Taniguchi nous lègue un arbre qui cache une forêt millénaire et dont les racines somptueuses nous porteront où bon nous semble

Sauf à de rares exceptions, on est toujours trop jeune pour quitter cette terre qui, en dépit de sa face obscure, a de belles choses à nous offrir (on sait, on sait, faut bien les trouver, mais attendez d’ouvrir ce bel album pour vous rendre compte de la richesse que l’auteur a, une nouvelle fois, trouvé). Mais résolument, qu’est-ce qu’on aurait aimé que Jiro Taniguchi vive encore un peu. Mieux qu’il soit immortel (mais ne l’est-il et ne le sera-t-il pas, en fin de compte ?). Bon, la vie en a voulu autrement et c’est une oeuvre inachevée qu’il nous a léguée, comme un héritage facile à porter et dont nous pourrons, tous autant que nous sommes lecteurs de son oeuvre, prolonger et présider au destin. La forêt millénaire, on n’a pas fini de s’y perdre et de s’y retrouver.

© Jiro Taniguchi chez Rue de Sèvres

Résumé de l’éditeur : Dernière création de Jirô Taniguchi, cette bande dessinée en couleurs occupe une place à part dans l’œuvre du maître. Suite au divorce de ses parents et à la maladie de sa mère, Wataru est accueilli par ses grands-parents. Pour le jeune garçon tokyoïte, cette nouvelle vie à la campagne est un bouleversement. Il découvre sa nouvelle école, son nouvel environnement.
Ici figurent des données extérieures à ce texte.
(* A family of c partially filled m x n arrays with entries in G:
   A a i j = Some g  means cell (i,j) of array a is filled with g,
   A a i j = None    means the cell is empty. *)
Definition arrays (G : Type) (m n c : nat) := 'I_c -> 'I_m -> 'I_n -> option G.

Definition is_MRS (G : finZmodType) (m n s k c : nat) (A : arrays G m n c) : Prop :=
  [/\ #|G| = (n * k * c)%N,
      (forall g : G,
          #|[set t : 'I_c * 'I_m * 'I_n | A t.1.1 t.1.2 t.2 == Some g]| = 1%N),
      (forall (a : 'I_c) (i : 'I_m), #|[set j : 'I_n | A a i j != None]| = s),
      (forall (a : 'I_c) (j : 'I_n), #|[set i : 'I_m | A a i j != None]| = k) &
      exists (w d : G),
        (forall (a : 'I_c) (i : 'I_m), \sum_(j : 'I_n) odflt 0 (A a i j) = w) /\
        (forall (a : 'I_c) (j : 'I_n), \sum_(i : 'I_m) odflt 0 (A a i j) = d)].

Definition on_diag (n : nat) (i j : 'I_n) (l : nat) : bool :=
  ((i + l) %% n)%N == j.

Definition diagonal_arrays (G : Type) (n k c : nat) (A : arrays G n n c) : Prop :=
  forall a : 'I_c, exists t : 'I_n, forall i j : 'I_n,
    isSome (A a i j) = [exists l : 'I_k, on_diag i j (t + l)%N].
Lemma rsum_ext n f g : (forall j, (j < n)%nat -> f j = g j) -> rsum n f = rsum n g.
Proof.
  induction n as [|n IH]; simpl; intros H; [reflexivity|].
  rewrite IH by (intros; apply H; lia); rewrite H by lia; reflexivity.
Qed.

Lemma rsum_le n f g : (forall j, (j < n)%nat -> f j <= g j) -> rsum n f <= rsum n g.
Proof.
  induction n as [|n IH]; simpl; intros H; [lra|].
  apply Rplus_le_compat; [apply IH; intros; apply H; lia | apply H; lia].
Qed.

Lemma rsum_ge0 n f : (forall j, (j < n)%nat -> 0 <= f j) -> 0 <= rsum n f.
Proof.
  induction n as [|n IH]; simpl; intros H; [lra|].
  assert (0 <= f n) by (apply H; lia).
  assert (0 <= rsum n f) by (apply IH; intros; apply H; lia); lra.
Qed.

Lemma rsum_ge_term n f j :
  (forall j, (j < n)%nat -> 0 <= f j) -> (j < n)%nat -> f j <= rsum n f.
Proof.
  induction n as [|n IH]; simpl; intros H Hj; [lia|].
  destruct (Nat.eq_dec j n) as [->|Hne].
  - assert (0 <= rsum n f) by (apply rsum_ge0; intros; apply H; lia); lra.
  - assert (f j <= rsum n f) by (apply IH; [intros; apply H|]; lia).
    assert (0 <= f n) by (apply H; lia); lra.
Qed.

Lemma rsum_scal n c f : rsum n (fun j => c * f j) = c * rsum n f.
Proof. induction n as [|n IH]; simpl; [ring | rewrite IH; ring]. Qed.

Lemma rsum_cv n (fk : nat -> vec) (f : vec) :
  vec_cv n fk f -> Un_cv (fun k => rsum n (fk k)) (rsum n f).
Proof.
  induction n as [|n IH]; simpl; intros H; [apply Un_cv_const|].
  apply CV_plus; [apply IH; intros j Hj; apply H; lia | apply H; lia].
Qed.

Lemma mv_ge0 m n A x i :
  nonneg_mat m n A -> nonneg_vec n x -> (i < m)%nat -> 0 <= mv n A x i.
Proof. intros HA Hx Hi; apply rsum_ge0; intros j Hj; apply Rmult_le_pos; auto. Qed.

Lemma mv_pos m n A x i j :
  nonneg_mat m n A -> nonneg_vec n x -> (i < m)%nat -> (j < n)%nat ->
  0 < A i j * x j -> 0 < mv n A x i.
Proof.
  intros HA Hx Hi Hj Hpos; eapply Rlt_le_trans; [exact Hpos|].
  apply (rsum_ge_term n (fun j => A i j * x j)); [intros; apply Rmult_le_pos; auto | exact Hj].
Qed.

Lemma mv_scal n A c x i : mv n A (fun j => c * x j) i = c * mv n A x i.
Proof. unfold mv; rewrite <- rsum_scal; apply rsum_ext; intros; ring. Qed.
(* Let $w=(i,\epsilon)\in\mathcal W_0(d)$ and $\tau=\tau(w)$. Then $d$ is even and: (1) $\mathrm{NF}(w)=(x_{j(1)},\dots,x_{j(d/2)},x_{j(d/2)}^{-1},\dots,x_{j(1)}^{-1})$ for some $j:[d/2]\to\mathbb N_0$ with $j(l)+p-1\ge j(l+1)$ for $1\le l\le d/2-1$, and $-d(p-1)/2\le j(l)-i(\tau^{-1}(l))\le d(p-1)/2$ for all $l\in[d/2]$; (2) for every $k\in[d/2]$, $|i(\tau^{-1}(k))-i(\tau^{-1}(d-k+1))|\le d(p-1)$.
   Context: Fix an integer $p\ge2$; $F_p=\langle x_0,x_1,\dots\mid x_nx_k=x_kx_{n+p-1}\ \forall k<n\rangle$ with identity $e$. For $d\in\mathbb N$ and $[d]=\{1,\dots,d\}$, a word of length $d$ is a tuple $w=(x_{i(1)}^{\epsilon(1)},\dots,x_{i(d)}^{\epsilon(d)})$ with $i:[d]\to\mathbb N_0$, $\epsilon:[d]\to\{1,-1\}$, written $w=(i,\epsilon)$; $\mathrm{eval}(w)=x_{i(1)}^{\epsilon(1)}\cdots x_{i(d)}^{\epsilon(d)}$; $\mathcal W(d)$ is the set of words of length $d$ and $\mathcal W_0(d)=\{w\in\mathcal W(d):\mathrm{eval}(w)=e\}$. Rewriting relations: ($\rightsquigarrow$) a consecutive pair $(x_a^{-1},x_b)$ is replaced by $(x_b,x_{a+p-1}^{-1})$ if $a>b$, by $(x_{b+p-1},x_a^{-1})$ if $a<b$, by $(x_b,x_a^{-1})$ if $a=b$; ($\rightarrowtail$, on $\rightsquigarrow$-irreducible words) $(x_a,x_b)$ with $b-p+1>a$ is replaced by $(x_{b-p+1},x_a)$, and $(x_a^{-1},x_b^{-1})$ with $a-p+1>b$ by $(x_b^{-1},x_{a-p+1}^{-1})$. The normal form $\mathrm{NF}(w)$ is obtained by applying $\rightsquigarrow$ until irreducible and then $\rightarrowtail$ until irreducible (well defined). Each step swaps two adjacent letters; $\tau(w)\in S_d$ is defined by letting $\tau(w)(l)$ be the position in $\mathrm{NF}(w)$ of the letter originating from the $l$-th letter of $w$. *)

From mathcomp Require Import all_boot all_order all_algebra.
Set Implicit Arguments. Unset Strict Implicit. Unset Printing Implicit Defensive.
Import Order.TTheory GRing.Theory Num.Theory.

Record group := Group {
  gcar :> Type;
  gmul : gcar -> gcar -> gcar;
  ginv : gcar -> gcar;
  gone : gcar;
  gmulA : forall x y z, gmul x (gmul y z) = gmul (gmul x y) z;
  gmul1 : forall x, gmul gone x = x;
  gmulV : forall x, gmul (ginv x) x = gone
}.

(* A word is a list of letters (index, sign); sign true = exponent +1,
   false = exponent -1. *)
Definition gletter (G : group) (x : nat -> G) (a : nat * bool) : G :=
  if a.2 then x a.1 else ginv (x a.1).

Definition geval (G : group) (x : nat -> G) (w : seq (nat * bool)) : G :=
  foldr (fun a g => gmul (gletter x a) g) (gone G) w.

Definition Fp_rel (p : nat) (G : group) (x : nat -> G) : Prop :=
  forall k n, k < n -> gmul (x n) (x k) = gmul (x k) (x (n + p - 1)).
La forêt en particulier l’impressionne et semble lui communiquer une force presque surnaturelle, venue du fond des âges. Lorsqu’il devra faire ses preuves face au groupe d’enfants qui le mettent au défi, c’est d’elle que lui viendra un courage intérieur qui lui était inconnu.

© Jiro Taniguchi chez Rue de Sèvres

Spécialement conçu (main dans la main, on a l’impression à lire le texte qui encadre les planches de Taniguchi) pour un éditeur français – en l’occurrence Rue de Sèvres -, voilà une oeuvre que l’éminent mangaka avait en tête depuis très longtemps et qui devait d’ailleurs bénéficier d’un traitement au long cours sur au moins cinq albums. Une saga dont, coûte que coûte et face aux affres du temps et la progression de la maladie, n’a subsisté qu’un début comptant 42 planches qui résonne comme un éveil à la nature, à la contemplation d’un or vert qui n’a pas dit son dernier mot.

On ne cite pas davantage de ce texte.